**Provided material:**

*-*-*

(* Let $\mathcal{C}$ be a closed convex set with $\overline\Pi=\mathcal{C}\cap\Pi$ closed and convex, let $S=(x_1,\dots,x_m)$ be i.i.d. from $\mathcal{D}_{\mathcal{X}}$ with empirical distribution $\widehat{\mathcal{D}}_{\mathcal{X}}$, let $\mathcal{F}=\{x\mapsto\mathsf{B}_F(\pi(x)\parallel\pi_0(x)):\pi\in\overline\Pi\}\cup\{x\mapsto\mathsf{B}_F(\pi'(x)\parallel\pi(x)):\pi,\pi'\in\overline\Pi\}$ and $\epsilon_m=\sup_{f\in\mathcal{F}}|\mathbb{E}_{\mathcal{D}_{\mathcal{X}}}[f]-\mathbb{E}_{\widehat{\mathcal{D}}_{\mathcal{X}}}[f]|$. Let $\widehat\pi$ minimize $\mathbb{E}_{\mathcal{D}_{\mathcal{X}}}[\mathsf{B}_F(\pi(x)\parallel\pi_0(x))]$ and $\widehat\pi_S$ minimize $\mathbb{E}_{\widehat{\mathcal{D}}_{\mathcal{X}}}[\mathsf{B}_F(\pi(x)\parallel\pi_0(x))]$ over $\pi\in\overline\Pi$, and assume $\pi^*\in\overline\Pi$. Then, with $\mathbb{E}$ denoting $\mathbb{E}_{x\sim\mathcal{D}_{\mathcal{X}}}$: (1) $\mathbb{E}[\mathsf{B}_F(\widehat\pi(x)\parallel\pi_0(x))]\le\mathbb{E}[\mathsf{B}_F(\widehat\pi_S(x)\parallel\pi_0(x))]\le\mathbb{E}[\mathsf{B}_F(\widehat\pi(x)\parallel\pi_0(x))]+2\epsilon_m$; (2) $\mathrm{Improv}(\widehat\pi_S)\ge\mathbb{E}[\mathsf{B}_F(\widehat\pi(x)\parallel\pi_0(x))]-\mathbb{E}[\mathsf{B}_F(\pi^*(x)\parallel\widehat\pi(x))]-6\epsilon_m$.
   Context: $\mathcal{X},\mathcal{Y}$ finite; models are maps $\pi\colon\mathcal{X}\to\Delta(\mathcal{Y})$; $\Pi\subseteq\Delta(\mathcal{Y})^{\mathcal{X}}$ closed and convex; $\pi_0$ a baseline model; $\pi^*$ a reference model; $\mathcal{D}_{\mathcal{X}}$ a full-support distribution on $\mathcal{X}$. $F$ is convex and differentiable on the interior of its domain (containing $\Delta(\mathcal{Y})$), $\mathsf{B}_F(p\parallel q)=F(p)-F(q)-\langle\nabla F(q),p-q\rangle$. The improvement of a model $\pi$ is $\mathrm{Improv}(\pi)=\mathbb{E}[\mathsf{B}_F(\pi^*(x)\parallel\pi_0(x))]-\mathbb{E}[\mathsf{B}_F(\pi^*(x)\parallel\pi(x))]$. *)

From HB Require Import structures.
From mathcomp Require Import all_boot all_order all_algebra.
From mathcomp Require Import all_classical all_reals all_analysis.
Set Implicit Arguments. Unset Strict Implicit. Unset Printing Implicit Defensive.
Import Order.TTheory GRing.Theory Num.Theory.
Import numFieldNormedType.Exports.
Local Open Scope classical_set_scope.
Local Open Scope ring_scope.

(* Y is represented by 'I_n, X by 'I_k.  A point of R^Y is a row vector
   'rV[R]_n ; a model pi : X -> Delta(Y) is a matrix 'M[R]_(k, n) whose
   x-th row  row x pi  is pi(x). *)

Section Defs.
Variable R : realType.

Definition simplex (n : nat) : set 'rV[R]_n :=
  [set p | (forall j, 0 <= p 0 j) /\ \sum_j p 0 j = 1].

Definition models (k n : nat) : set 'M[R]_(k, n) :=
  [set pi | forall x, simplex (row x pi)].

Definition convex_set_ {V : lmodType R} (A : set V) :=
  forall a b (t : R), A a -> A b -> 0 <= t <= 1 -> A (t *: a + (1 - t) *: b).

Definition convex_on {V : lmodType R} (D : set V) (F : V -> R) :=
  forall a b (t : R), D a -> D b -> 0 <= t <= 1 ->
    F (t *: a + (1 - t) *: b) <= t * F a + (1 - t) * F b.

Definition grad (n : nat) (F : 'rV[R]_n -> R) (q : 'rV[R]_n) : 'rV[R]_n :=
  \row_j derive F q (delta_mx 0 j).

Definition breg (n : nat) (F : 'rV[R]_n -> R) (p q : 'rV[R]_n) : R :=
  F p - F q - \sum_j (grad F q) 0 j * (p - q) 0 j.

Definition expect (k : nat) (D : 'I_k -> R) (f : 'I_k -> R) : R :=
  \sum_x D x * f x.

Definition emp_expect (k m : nat) (S : 'I_m -> 'I_k) (f : 'I_k -> R) : R :=
  m%:R^-1 * \sum_i f (S i).

Definition Fclass (k n : nat) (F : 'rV[R]_n -> R) (Pibar : set 'M[R]_(k, n))
    (pi0 : 'M[R]_(k, n)) : set ('I_k -> R) :=
  [set f | (exists2 p, Pibar p & f = (fun x => breg F (row x p) (row x pi0)))
        \/ (exists p p', [/\ Pibar p, Pibar p' &
                 f = (fun x => breg F (row x p') (row x p))])].

Definition eps_m (k n m : nat) (F : 'rV[R]_n -> R) (Pibar : set 'M[R]_(k, n))
    (pi0 : 'M[R]_(k, n)) (D : 'I_k -> R) (S : 'I_m -> 'I_k) : \bar R :=
  ereal_sup [set (`|expect D f - emp_expect S f|)%:E | f in Fclass F Pibar pi0].

Definition obj (k n : nat) (F : 'rV[R]_n -> R) (D : 'I_k -> R)
    (pi pi0 : 'M[R]_(k, n)) : R :=
  expect D (fun x => breg F (row x pi) (row x pi0)).

Definition improv (k n : nat) (F : 'rV[R]_n -> R) (D : 'I_k -> R)
    (pistar pi0 pi : 'M[R]_(k, n)) : R :=
  expect D (fun x => breg F (row x pistar) (row x pi0))
  - expect D (fun x => breg F (row x pistar) (row x pi)).

End Defs.

From HB Require Import structures.
From mathcomp Require Import all_boot all_order all_algebra.
From mathcomp Require Import all_classical all_reals all_analysis.
From mathcomp Require Import ring lra.
Set Implicit Arguments. Unset Strict Implicit. Unset Printing Implicit Defensive.
Import Order.TTheory GRing.Theory Num.Theory.
Import numFieldNormedType.Exports.
Local Open Scope classical_set_scope.
Local Open Scope ring_scope.

(* Part (1) is the usual ERM argument: comparing population and empirical
   objectives costs at most eps for each of pihat and pihatS.  For (2), pihatS
   is the Bregman projection of pi0 onto the convex set C `&` Pi for the
   empirical distribution, so the generalised Pythagorean inequality
     Ê B(pistar || pihatS) + Ê B(pihatS || pi0) <= Ê B(pistar || pi0)
   holds: by the three-point identity its defect is a difference of gradient
   pairings, which is the one-sided derivative at pihatS of the empirical
   objective along the segment towards pistar, hence nonnegative by
   minimality.  Replacing each of the three empirical averages by its
   expectation costs eps, so Improv(pihatS) >= E B(pihatS || pi0) - 3 eps
   >= E B(pihat || pi0) - 3 eps. *)

Lemma near_at_right0 (R : realType) (P : R -> Prop) :
  (forall t, 0 < t <= 1 -> P t) -> \forall t \near 0^'+, P t.
Proof.
move=> HP; near=> t; apply: HP; apply/andP; split.
- by near: t; exact: nbhs_right_gt.
- by near: t; apply: nbhs_right_le; exact: ltr01.
Unshelve. all: by end_near. Qed.

Section Bregman.
Variables (R : realType) (n : nat) (F : 'rV[R]_n -> R).

Lemma derive_grad q v : differentiable F q ->
  derive F q v = \sum_j grad F q 0 j * v 0 j.
Proof.
move=> dF; rewrite deriveE // {1}(row_sum_delta v) linear_sum /=.
by apply: eq_bigr => j _; rewrite linearZ /= mxE deriveE // mulrC.
Qed.

Lemma difference_quotient_cvg q v : differentiable F q ->
  (fun t : R => t^-1 * (F (q + t *: v) - F q)) @ 0^'+ -->
  \sum_j grad F q 0 j * v 0 j.
Proof.
move=> dF; rewrite -derive_grad //.
have := cvg_dnbhs_at_right (diff_derivable (v := v) dF).
apply: cvg_trans; apply: near_eq_cvg; near=> t; rewrite /= [_ *: v + q]addrC.
Unshelve. all: by end_near. Qed.

Lemma sum_difference_quotient_cvg (I : finType) (q v : I -> 'rV[R]_n) :
  (forall i, differentiable F (q i)) ->
  (fun t : R => \sum_i t^-1 * (F (q i + t *: v i) - F (q i))) @ 0^'+ -->
  \sum_i \sum_j grad F (q i) 0 j * v i 0 j.
Proof.
move=> dF; apply: (@cvg_big R I +%R 0 xpredT add_continuous) => // i _.
exact: difference_quotient_cvg.
Qed.

Lemma breg_ge0 (dom : set 'rV[R]_n) p q : convex_on dom F ->
  dom p -> dom q -> differentiable F q -> 0 <= breg F p q.
Proof.
move=> Fcvx domp domq dF; rewrite /breg subr_ge0.
move/cvgr_to_le: (difference_quotient_cvg (v := p - q) dF); apply.
apply: near_at_right0 => t /andP[t0 t1].
have -> : q + t *: (p - q) = t *: p + (1 - t) *: q.
  by rewrite scalerBr scalerBl scale1r addrCA addrA.
have := Fcvx p q t domp domq; rewrite (ltW t0) t1 => /(_ isT) Fconv.
rewrite ler_pdivrMl //; lra.
Qed.

Lemma breg_along_segment b c v (t : R) :
  breg F (b + t *: v) c - breg F b c =
  F (b + t *: v) - F b - t * \sum_j grad F c 0 j * v 0 j.
Proof.
rewrite /breg mulr_sumr (eq_bigr (fun j => grad F c 0 j * (b - c) 0 j +
  t * (grad F c 0 j * v 0 j))); last by move=> j _; rewrite !mxE; ring.
rewrite big_split /=; ring.
Qed.

Lemma breg_three_point a b c :
  breg F a c - breg F a b - breg F b c =
  \sum_j grad F b 0 j * (a - b) 0 j - \sum_j grad F c 0 j * (a - b) 0 j.
Proof.
rewrite /breg; have -> : \sum_j grad F c 0 j * (a - c) 0 j =
    \sum_j grad F c 0 j * (a - b) 0 j + \sum_j grad F c 0 j * (b - c) 0 j.
  by rewrite -big_split; apply: eq_bigr => j _; rewrite !mxE /=; ring.
ring.
Qed.

Lemma breg_pythagoras_sum (I : finType) (a b c : I -> 'rV[R]_n) :
  (forall i, differentiable F (b i)) ->
  (forall t : R, 0 < t <= 1 -> \sum_i breg F (b i) (c i) <=
      \sum_i breg F (b i + t *: (a i - b i)) (c i)) ->
  \sum_i breg F (a i) (b i) + \sum_i breg F (b i) (c i) <=
  \sum_i breg F (a i) (c i).
Proof.
move=> dF bmin.
rewrite -subr_ge0 opprD addrA -!sumrB.
under eq_bigr do rewrite breg_three_point.
rewrite sumrB subr_ge0.
move/cvgr_to_ge: (sum_difference_quotient_cvg (v := fun i => a i - b i) dF); apply.
apply: near_at_right0 => t /andP[t0 t1].
have := bmin t; rewrite t0 t1 => /(_ isT); rewrite -subr_ge0 -sumrB.
under eq_bigr do rewrite breg_along_segment.
rewrite sumrB => seg_ge0.
by rewrite -mulr_sumr ler_pdivlMl // mulr_sumr -subr_ge0.
Qed.
End Bregman.

Definition emp_obj {R : realType} {k n m : nat} (F : 'rV[R]_n -> R)
    (S : 'I_m -> 'I_k) (pi pi0 : 'M[R]_(k, n)) : R :=
  emp_expect S (fun x => breg F (row x pi) (row x pi0)).

Lemma expect_ge0 (R : realType) (k : nat) (D f : 'I_k -> R) :
  (forall x, 0 <= D x) -> (forall x, 0 <= f x) -> 0 <= expect D f.
Proof. by move=> D_ge0 f_ge0; apply: sumr_ge0 => x _; rewrite mulr_ge0. Qed.

Lemma emp_obj_pythagoras (R : realType) (k n m : nat) (F : 'rV[R]_n -> R)
    (S : 'I_m -> 'I_k) (P : set 'M[R]_(k, n)) (pi0 piS pi : 'M[R]_(k, n)) :
  (0 < m)%N -> convex_set_ P -> P pi -> P piS ->
  (forall x, differentiable F (row x piS)) ->
  (forall p, P p -> emp_obj F S piS pi0 <= emp_obj F S p pi0) ->
  emp_expect S (fun x => breg F (row x pi) (row x piS)) + emp_obj F S piS pi0
  <= emp_obj F S pi pi0.
Proof.
move=> m_gt0 Pcvx Ppi PpiS dF piS_min.
have m_inv_gt0 : 0 < m%:R^-1 :> R by rewrite invr_gt0 ltr0n.
rewrite /emp_obj /emp_expect -mulrDr ler_pM2l //.
apply: (breg_pythagoras_sum (a := fun i => row (S i) pi)); first by move=> i; exact: dF.
move=> t /andP[t0 t1].
have segment_row x :
    row x (t *: pi + (1 - t) *: piS) = row x piS + t *: (row x pi - row x piS).
  by apply/rowP => j; rewrite !mxE; ring.
have /piS_min : P (t *: pi + (1 - t) *: piS) by apply: Pcvx; rewrite ?(ltW t0).
rewrite /emp_obj /emp_expect ler_pM2l // => /le_trans; apply.
by under eq_bigr do rewrite segment_row.
Qed.

Section EmpiricalRiskMinimization.
Variables (R : realType) (k n m : nat) (F : 'rV[R]_n -> R).
Variables (Pb : set 'M[R]_(k, n)) (pi0 : 'M[R]_(k, n)).
Variables (D : 'I_k -> R) (S : 'I_m -> 'I_k) (e : R).
Hypothesis Fclass_dev :
  forall f, Fclass F Pb pi0 f -> `|expect D f - emp_expect S f| <= e.

Lemma obj_dev p : Pb p -> `|obj F D p pi0 - emp_obj F S p pi0| <= e.
Proof. by move=> Pp; apply: Fclass_dev; left; exists p. Qed.

Lemma breg_dev p p' : Pb p -> Pb p' ->
  `|expect D (fun x => breg F (row x p') (row x p))
    - emp_expect S (fun x => breg F (row x p') (row x p))| <= e.
Proof. by move=> Pp Pp'; apply: Fclass_dev; right; exists p, p'. Qed.

Variables (pihat pihatS : 'M[R]_(k, n)).
Hypotheses (Pb_pihat : Pb pihat) (Pb_pihatS : Pb pihatS).
Hypothesis pihat_min : forall p, Pb p -> obj F D pihat pi0 <= obj F D p pi0.
Hypothesis pihatS_min :
  forall p, Pb p -> emp_obj F S pihatS pi0 <= emp_obj F S p pi0.

Lemma obj_erm_le : obj F D pihatS pi0 <= obj F D pihat pi0 + 2 * e.
Proof.
have /ler_normlP[? ?] := obj_dev Pb_pihat.
have /ler_normlP[? ?] := obj_dev Pb_pihatS.
have := pihatS_min Pb_pihat; lra.
Qed.

Lemma improv_erm_ge pistar : (0 < m)%N -> convex_set_ Pb -> Pb pistar ->
  (forall x, differentiable F (row x pihatS)) ->
  obj F D pihat pi0 - 3 * e <= improv F D pistar pi0 pihatS.
Proof.
move=> m_gt0 Pb_cvx Pb_pistar dF.
have := emp_obj_pythagoras m_gt0 Pb_cvx Pb_pistar Pb_pihatS dF pihatS_min.
have /ler_normlP[? ?] := obj_dev Pb_pihatS.
have /ler_normlP[? ?] := obj_dev Pb_pistar.
have /ler_normlP[? ?] := breg_dev Pb_pihatS Pb_pistar.
have := pihat_min Pb_pihatS; rewrite /improv -/(obj F D pistar pi0); lra.
Qed.

End EmpiricalRiskMinimization.

Lemma eps_m_ub (R : realType) (k n m : nat) (F : 'rV[R]_n -> R)
    (Pb : set 'M[R]_(k, n)) (pi0 : 'M[R]_(k, n)) (D : 'I_k -> R)
    (S : 'I_m -> 'I_k) f :
  Fclass F Pb pi0 f ->
  ((`|expect D f - emp_expect S f|)%:E <= eps_m F Pb pi0 D S)%E.
Proof. by move=> Ff; apply: ereal_sup_ubound; exists f. Qed.

Lemma eps_m_ge0 (R : realType) (k n m : nat) (F : 'rV[R]_n -> R)
    (Pb : set 'M[R]_(k, n)) (pi0 : 'M[R]_(k, n)) (D : 'I_k -> R)
    (S : 'I_m -> 'I_k) p :
  Pb p -> (0 <= eps_m F Pb pi0 D S)%E.
Proof. by move=> Pp; apply: le_trans (eps_m_ub D S _) => //; left; exists p. Qed.

Theorem lemma5 (R : realType) (k n m : nat)
  (* F : convex, differentiable on the interior of its domain dom, which
     contains Delta(Y) *)
  (F : 'rV[R]_n -> R) (dom : set 'rV[R]_n)
  (Hdomc : convex_set_ dom) (HFc : convex_on dom F)
  (Hsimplex : @simplex R n `<=` interior dom)
  (Hdiff : forall q, interior dom q -> differentiable F q)
  (* the model class Pi and the closed convex set C *)
  (Pi C : set 'M[R]_(k, n))
  (HPi : Pi `<=` @models R k n) (HPicl : closed Pi) (HPicv : convex_set_ Pi)
  (HCcl : closed C) (HCcv : convex_set_ C)
  (HPibcl : closed (C `&` Pi)) (HPibcv : convex_set_ (C `&` Pi))
  (* baseline and reference models *)
  (pi0 pistar : 'M[R]_(k, n)) (Hpi0 : @models R k n pi0)
  (Hpistar : (C `&` Pi) pistar)
  (* full-support distribution on X *)
  (D : 'I_k -> R) (HD : forall x, 0 < D x) (HD1 : \sum_x D x = 1)
  (* sample S = (x_1, ..., x_m) *)
  (Hm : (0 < m)%N) (S : 'I_m -> 'I_k)
  (* population and empirical minimisers over Pibar = C ∩ Pi *)
  (pihat pihatS : 'M[R]_(k, n))
  (Hpihat : (C `&` Pi) pihat)
  (Hpihat_min : forall p, (C `&` Pi) p -> obj F D pihat pi0 <= obj F D p pi0)
  (HpihatS : (C `&` Pi) pihatS)
  (HpihatS_min : forall p, (C `&` Pi) p ->
     emp_expect S (fun x => breg F (row x pihatS) (row x pi0))
     <= emp_expect S (fun x => breg F (row x p) (row x pi0))) :
  let eps := eps_m F (C `&` Pi) pi0 D S in
  [/\ obj F D pihat pi0 <= obj F D pihatS pi0,
      ((obj F D pihatS pi0)%:E <= (obj F D pihat pi0)%:E + 2%:E * eps)%E
    & ((improv F D pistar pi0 pihatS)%:E >=
        (obj F D pihat pi0
         - expect D (fun x => breg F (row x pistar) (row x pihat)))%:E
        - 6%:E * eps)%E].
Proof.
move=> eps; set Pb := C `&` Pi.
have rows_interior p : Pb p -> forall x, interior dom (row x p).
  by case=> _ /HPi Pp x; exact: Hsimplex.
have dF p : Pb p -> forall x, differentiable F (row x p).
  by move=> /rows_interior Pp x; exact: Hdiff.
have breg_pistar_pihat_ge0 :
    0 <= expect D (fun x => breg F (row x pistar) (row x pihat)).
  apply: expect_ge0 => x; first exact: ltW.
  exact: (breg_ge0 HFc (interior_subset (rows_interior _ Hpistar x))
    (interior_subset (rows_interior _ Hpihat x)) (dF _ Hpihat x)).
have obj_le : obj F D pihat pi0 <= obj F D pihatS pi0 := Hpihat_min _ HpihatS.
have eps_ub f : Fclass F Pb pi0 f ->
    ((`|expect D f - emp_expect S f|)%:E <= eps)%E.
  exact: eps_m_ub.
have eps_ge0 : (0 <= eps)%E by exact: eps_m_ge0 Hpihat.
clearbody eps; case: eps eps_ge0 eps_ub => [e | _ _ | //].
- rewrite lee_fin => e_ge0 eps_ub.
  have dev f : Fclass F Pb pi0 f -> `|expect D f - emp_expect S f| <= e.
    by move=> Ff; rewrite -lee_fin; exact: eps_ub.
  split=> //.
  + rewrite -EFinM -EFinD lee_fin.
    exact: (obj_erm_le dev Hpihat HpihatS HpihatS_min).
  + rewrite -EFinM -EFinB lee_fin.
    have := improv_erm_ge dev HpihatS Hpihat_min HpihatS_min Hm HPibcv Hpistar
      (dF _ HpihatS).
    lra.
- by split=> //; rewrite gt0_muley ?lte_fin // ?addey ?leey ?addeNy ?leNye.
Qed.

*-*-*

**Brief:** Copy the stretch of the records above that runs from the line with "(pistar pi0 pi" through the line with "(* Part (1)". Both end lines belong in the copy, and nothing else does.

**Response area:**
    (pistar pi0 pi : 'M[R]_(k, n)) : R :=
  expect D (fun x => breg F (row x pistar) (row x pi0))
  - expect D (fun x => breg F (row x pistar) (row x pi)).

End Defs.

From HB Require Import structures.
From mathcomp Require Import all_boot all_order all_algebra.
From mathcomp Require Import all_classical all_reals all_analysis.
From mathcomp Require Import ring lra.
Set Implicit Arguments. Unset Strict Implicit. Unset Printing Implicit Defensive.
Import Order.TTheory GRing.Theory Num.Theory.
Import numFieldNormedType.Exports.
Local Open Scope classical_set_scope.
Local Open Scope ring_scope.

(* Part (1) is the usual ERM argument: comparing population and empirical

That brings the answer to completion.